Go through the data and report each line that holds the string "adjacentb".

*** Material provided ***

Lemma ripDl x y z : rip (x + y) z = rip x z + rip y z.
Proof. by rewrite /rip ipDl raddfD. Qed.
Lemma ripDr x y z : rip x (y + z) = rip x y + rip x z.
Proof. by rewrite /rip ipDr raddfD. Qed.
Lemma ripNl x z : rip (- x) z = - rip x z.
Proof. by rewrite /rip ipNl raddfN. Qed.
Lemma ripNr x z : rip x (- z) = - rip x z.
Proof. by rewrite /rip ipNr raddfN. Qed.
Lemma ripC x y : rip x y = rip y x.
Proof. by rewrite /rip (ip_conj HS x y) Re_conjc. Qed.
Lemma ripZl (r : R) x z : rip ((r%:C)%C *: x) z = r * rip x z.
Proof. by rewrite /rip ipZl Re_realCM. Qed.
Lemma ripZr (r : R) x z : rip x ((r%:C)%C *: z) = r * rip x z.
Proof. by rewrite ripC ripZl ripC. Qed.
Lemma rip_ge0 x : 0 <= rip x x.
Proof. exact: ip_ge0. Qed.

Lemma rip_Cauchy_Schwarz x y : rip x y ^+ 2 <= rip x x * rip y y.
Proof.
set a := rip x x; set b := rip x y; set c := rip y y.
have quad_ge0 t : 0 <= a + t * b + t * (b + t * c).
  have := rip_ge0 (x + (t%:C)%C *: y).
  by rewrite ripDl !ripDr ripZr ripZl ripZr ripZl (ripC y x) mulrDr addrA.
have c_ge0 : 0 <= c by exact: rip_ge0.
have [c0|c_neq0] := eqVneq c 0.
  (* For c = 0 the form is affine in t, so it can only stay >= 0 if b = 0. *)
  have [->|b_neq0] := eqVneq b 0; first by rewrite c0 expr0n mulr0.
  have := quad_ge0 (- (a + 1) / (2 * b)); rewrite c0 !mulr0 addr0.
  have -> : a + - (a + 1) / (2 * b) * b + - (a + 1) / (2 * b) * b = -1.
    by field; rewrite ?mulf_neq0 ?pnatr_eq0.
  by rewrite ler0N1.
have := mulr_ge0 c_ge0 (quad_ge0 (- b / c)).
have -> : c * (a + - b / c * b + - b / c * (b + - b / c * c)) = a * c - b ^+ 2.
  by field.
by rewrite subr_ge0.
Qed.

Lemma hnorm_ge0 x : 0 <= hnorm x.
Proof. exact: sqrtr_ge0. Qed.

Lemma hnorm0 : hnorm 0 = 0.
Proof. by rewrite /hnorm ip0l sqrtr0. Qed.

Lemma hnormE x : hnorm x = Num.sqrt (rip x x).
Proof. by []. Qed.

***
*** Material provided ***

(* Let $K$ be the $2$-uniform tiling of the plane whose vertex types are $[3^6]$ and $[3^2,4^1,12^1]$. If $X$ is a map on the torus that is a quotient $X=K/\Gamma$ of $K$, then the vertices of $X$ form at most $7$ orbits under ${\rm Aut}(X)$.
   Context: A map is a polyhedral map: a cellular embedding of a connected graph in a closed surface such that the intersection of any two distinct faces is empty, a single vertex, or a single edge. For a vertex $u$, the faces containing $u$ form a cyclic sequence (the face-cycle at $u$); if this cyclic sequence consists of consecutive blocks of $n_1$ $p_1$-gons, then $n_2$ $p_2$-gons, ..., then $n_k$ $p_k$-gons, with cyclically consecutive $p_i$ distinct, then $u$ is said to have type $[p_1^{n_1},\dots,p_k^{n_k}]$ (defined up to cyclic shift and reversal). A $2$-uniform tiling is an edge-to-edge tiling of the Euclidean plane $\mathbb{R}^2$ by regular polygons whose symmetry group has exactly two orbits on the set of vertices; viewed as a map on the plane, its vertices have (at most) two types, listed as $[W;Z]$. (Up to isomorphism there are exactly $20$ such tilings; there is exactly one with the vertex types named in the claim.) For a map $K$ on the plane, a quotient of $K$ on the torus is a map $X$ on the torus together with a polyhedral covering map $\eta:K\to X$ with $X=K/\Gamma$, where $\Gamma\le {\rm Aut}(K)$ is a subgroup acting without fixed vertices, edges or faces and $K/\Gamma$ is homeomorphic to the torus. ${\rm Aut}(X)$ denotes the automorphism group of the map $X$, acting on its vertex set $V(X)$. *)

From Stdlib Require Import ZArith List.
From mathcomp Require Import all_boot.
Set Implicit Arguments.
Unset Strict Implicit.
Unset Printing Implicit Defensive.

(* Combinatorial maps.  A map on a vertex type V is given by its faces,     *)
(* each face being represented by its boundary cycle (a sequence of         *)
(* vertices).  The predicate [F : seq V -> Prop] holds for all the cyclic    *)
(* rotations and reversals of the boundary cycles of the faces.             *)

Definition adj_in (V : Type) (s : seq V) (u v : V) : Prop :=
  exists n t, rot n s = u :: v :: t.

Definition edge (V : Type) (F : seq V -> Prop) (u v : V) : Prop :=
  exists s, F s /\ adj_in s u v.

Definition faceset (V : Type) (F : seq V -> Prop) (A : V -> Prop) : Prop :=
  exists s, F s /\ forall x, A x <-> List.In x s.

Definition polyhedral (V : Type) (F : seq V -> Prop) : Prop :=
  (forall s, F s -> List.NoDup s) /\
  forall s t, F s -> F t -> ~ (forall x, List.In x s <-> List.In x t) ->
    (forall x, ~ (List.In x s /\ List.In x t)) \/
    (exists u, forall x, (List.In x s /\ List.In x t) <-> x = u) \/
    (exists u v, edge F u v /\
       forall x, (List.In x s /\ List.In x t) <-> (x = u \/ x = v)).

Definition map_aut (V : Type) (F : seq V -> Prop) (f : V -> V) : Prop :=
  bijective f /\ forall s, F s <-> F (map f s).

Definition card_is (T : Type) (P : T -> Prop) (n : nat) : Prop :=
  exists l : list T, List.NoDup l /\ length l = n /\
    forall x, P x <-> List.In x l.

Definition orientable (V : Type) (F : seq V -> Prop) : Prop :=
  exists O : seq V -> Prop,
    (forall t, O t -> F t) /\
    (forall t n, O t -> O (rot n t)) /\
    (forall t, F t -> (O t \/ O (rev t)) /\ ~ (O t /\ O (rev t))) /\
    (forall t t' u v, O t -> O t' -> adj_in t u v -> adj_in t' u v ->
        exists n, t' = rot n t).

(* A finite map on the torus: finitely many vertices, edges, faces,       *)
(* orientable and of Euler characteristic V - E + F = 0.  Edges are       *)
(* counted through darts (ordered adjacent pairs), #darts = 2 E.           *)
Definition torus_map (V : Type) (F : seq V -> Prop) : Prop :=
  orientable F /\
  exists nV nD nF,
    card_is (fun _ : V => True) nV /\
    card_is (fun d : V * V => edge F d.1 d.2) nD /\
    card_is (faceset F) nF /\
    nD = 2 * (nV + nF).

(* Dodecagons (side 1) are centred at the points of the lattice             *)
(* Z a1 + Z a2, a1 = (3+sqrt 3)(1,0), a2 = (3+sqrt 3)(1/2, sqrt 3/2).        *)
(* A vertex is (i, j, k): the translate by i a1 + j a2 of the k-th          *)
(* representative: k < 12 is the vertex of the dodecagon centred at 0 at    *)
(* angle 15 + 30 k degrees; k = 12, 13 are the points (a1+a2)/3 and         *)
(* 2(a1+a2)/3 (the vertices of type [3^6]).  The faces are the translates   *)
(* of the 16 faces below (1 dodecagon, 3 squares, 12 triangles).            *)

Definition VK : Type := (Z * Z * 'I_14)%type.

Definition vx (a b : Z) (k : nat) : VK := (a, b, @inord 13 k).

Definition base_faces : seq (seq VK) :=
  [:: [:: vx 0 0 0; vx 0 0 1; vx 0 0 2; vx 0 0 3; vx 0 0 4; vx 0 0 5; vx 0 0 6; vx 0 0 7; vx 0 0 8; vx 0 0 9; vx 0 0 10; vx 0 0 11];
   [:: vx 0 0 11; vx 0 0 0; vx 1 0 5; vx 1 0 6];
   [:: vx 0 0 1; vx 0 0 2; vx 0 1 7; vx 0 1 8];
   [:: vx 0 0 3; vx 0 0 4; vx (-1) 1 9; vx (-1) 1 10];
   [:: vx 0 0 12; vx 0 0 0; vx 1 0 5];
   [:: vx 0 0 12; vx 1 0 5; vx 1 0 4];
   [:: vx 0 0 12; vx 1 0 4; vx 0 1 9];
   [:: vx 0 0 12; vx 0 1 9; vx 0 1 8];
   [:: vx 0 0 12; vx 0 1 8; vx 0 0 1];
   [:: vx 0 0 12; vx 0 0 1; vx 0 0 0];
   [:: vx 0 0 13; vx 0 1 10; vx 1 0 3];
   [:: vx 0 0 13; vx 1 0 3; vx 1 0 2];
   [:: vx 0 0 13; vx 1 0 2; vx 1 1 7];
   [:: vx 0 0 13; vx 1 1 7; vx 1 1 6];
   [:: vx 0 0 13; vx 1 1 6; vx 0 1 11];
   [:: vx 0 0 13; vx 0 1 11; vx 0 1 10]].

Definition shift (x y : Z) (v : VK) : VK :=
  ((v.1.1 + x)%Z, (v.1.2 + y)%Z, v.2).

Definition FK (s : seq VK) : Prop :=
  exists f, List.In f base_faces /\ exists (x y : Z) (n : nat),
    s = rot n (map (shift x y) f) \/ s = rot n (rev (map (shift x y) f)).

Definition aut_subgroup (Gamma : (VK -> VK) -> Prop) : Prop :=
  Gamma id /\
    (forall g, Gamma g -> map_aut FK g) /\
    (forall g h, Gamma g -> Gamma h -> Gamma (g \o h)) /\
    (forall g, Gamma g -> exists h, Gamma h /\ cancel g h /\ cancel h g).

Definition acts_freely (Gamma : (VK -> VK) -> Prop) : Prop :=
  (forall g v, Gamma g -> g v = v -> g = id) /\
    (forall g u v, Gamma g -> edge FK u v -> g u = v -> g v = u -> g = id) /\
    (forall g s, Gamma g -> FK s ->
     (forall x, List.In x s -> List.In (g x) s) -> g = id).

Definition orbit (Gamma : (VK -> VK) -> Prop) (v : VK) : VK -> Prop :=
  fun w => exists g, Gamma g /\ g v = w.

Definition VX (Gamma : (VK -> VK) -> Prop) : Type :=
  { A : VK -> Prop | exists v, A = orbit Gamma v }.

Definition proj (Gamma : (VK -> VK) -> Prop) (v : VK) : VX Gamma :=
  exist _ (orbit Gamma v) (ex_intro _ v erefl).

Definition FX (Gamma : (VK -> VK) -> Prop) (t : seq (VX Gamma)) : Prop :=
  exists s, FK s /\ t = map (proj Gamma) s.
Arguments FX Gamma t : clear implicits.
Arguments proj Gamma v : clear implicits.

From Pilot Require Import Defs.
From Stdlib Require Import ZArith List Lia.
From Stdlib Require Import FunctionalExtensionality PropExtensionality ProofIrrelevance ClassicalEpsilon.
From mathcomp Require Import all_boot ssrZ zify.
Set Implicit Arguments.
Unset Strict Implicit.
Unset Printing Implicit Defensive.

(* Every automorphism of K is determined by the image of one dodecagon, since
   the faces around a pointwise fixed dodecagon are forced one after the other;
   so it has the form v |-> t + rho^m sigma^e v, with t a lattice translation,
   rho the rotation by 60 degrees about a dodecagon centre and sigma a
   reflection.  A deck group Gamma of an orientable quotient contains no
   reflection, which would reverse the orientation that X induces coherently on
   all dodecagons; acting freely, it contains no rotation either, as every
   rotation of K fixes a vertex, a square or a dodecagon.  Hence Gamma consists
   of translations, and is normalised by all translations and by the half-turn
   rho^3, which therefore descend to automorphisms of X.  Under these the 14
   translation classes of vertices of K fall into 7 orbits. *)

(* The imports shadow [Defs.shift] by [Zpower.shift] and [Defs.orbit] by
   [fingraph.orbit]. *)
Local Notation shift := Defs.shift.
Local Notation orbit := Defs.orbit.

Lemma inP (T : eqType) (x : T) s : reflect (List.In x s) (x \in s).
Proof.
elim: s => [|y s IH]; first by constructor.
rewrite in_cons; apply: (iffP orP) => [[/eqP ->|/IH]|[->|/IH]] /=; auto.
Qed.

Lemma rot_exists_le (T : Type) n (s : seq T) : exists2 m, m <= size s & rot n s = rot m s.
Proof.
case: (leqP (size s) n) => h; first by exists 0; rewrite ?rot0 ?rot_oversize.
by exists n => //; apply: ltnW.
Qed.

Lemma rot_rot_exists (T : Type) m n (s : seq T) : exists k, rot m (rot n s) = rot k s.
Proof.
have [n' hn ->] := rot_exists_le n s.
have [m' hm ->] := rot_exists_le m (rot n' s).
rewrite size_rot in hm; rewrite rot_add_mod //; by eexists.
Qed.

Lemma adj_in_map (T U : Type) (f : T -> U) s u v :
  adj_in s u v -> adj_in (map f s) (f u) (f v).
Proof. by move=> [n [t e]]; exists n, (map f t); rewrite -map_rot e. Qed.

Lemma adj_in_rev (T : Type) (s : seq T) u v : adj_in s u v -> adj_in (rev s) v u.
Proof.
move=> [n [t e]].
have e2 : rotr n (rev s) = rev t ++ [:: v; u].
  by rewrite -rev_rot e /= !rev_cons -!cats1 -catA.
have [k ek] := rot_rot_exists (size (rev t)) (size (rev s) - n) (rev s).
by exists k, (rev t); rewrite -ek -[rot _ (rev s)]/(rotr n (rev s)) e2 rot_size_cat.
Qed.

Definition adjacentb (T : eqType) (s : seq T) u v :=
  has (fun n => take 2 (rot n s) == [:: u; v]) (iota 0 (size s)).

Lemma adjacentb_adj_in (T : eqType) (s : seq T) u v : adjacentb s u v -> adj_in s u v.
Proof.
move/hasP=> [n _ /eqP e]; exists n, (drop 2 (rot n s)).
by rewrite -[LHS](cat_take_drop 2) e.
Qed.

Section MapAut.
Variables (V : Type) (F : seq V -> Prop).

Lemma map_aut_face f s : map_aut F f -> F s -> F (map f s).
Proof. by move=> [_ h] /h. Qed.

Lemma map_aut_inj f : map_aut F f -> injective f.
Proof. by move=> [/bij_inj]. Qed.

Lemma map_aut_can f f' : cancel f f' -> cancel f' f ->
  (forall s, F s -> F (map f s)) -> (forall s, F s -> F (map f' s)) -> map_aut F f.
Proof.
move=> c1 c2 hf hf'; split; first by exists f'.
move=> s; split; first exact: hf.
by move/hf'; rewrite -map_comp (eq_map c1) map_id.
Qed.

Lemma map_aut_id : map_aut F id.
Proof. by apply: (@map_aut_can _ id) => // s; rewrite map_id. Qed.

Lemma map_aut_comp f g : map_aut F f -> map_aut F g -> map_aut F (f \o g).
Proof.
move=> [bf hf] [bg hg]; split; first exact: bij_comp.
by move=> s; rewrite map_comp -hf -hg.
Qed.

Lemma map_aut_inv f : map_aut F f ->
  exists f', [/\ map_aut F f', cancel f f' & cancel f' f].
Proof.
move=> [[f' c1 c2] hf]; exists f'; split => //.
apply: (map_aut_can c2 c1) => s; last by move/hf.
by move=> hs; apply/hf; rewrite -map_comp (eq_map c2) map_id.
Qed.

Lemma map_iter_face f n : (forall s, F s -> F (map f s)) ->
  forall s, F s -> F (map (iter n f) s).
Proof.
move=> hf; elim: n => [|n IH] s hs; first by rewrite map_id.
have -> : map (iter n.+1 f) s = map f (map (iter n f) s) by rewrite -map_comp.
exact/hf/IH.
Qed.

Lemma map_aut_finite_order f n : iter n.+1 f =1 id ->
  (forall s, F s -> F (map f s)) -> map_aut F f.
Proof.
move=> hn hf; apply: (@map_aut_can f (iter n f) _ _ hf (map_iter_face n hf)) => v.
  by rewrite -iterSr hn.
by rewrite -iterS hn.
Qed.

***

■ Expected answer
Definition adjacentb (T : eqType) (s : seq T) u v :=
Lemma adjacentb_adj_in (T : eqType) (s : seq T) u v : adjacentb s u v -> adj_in s u v.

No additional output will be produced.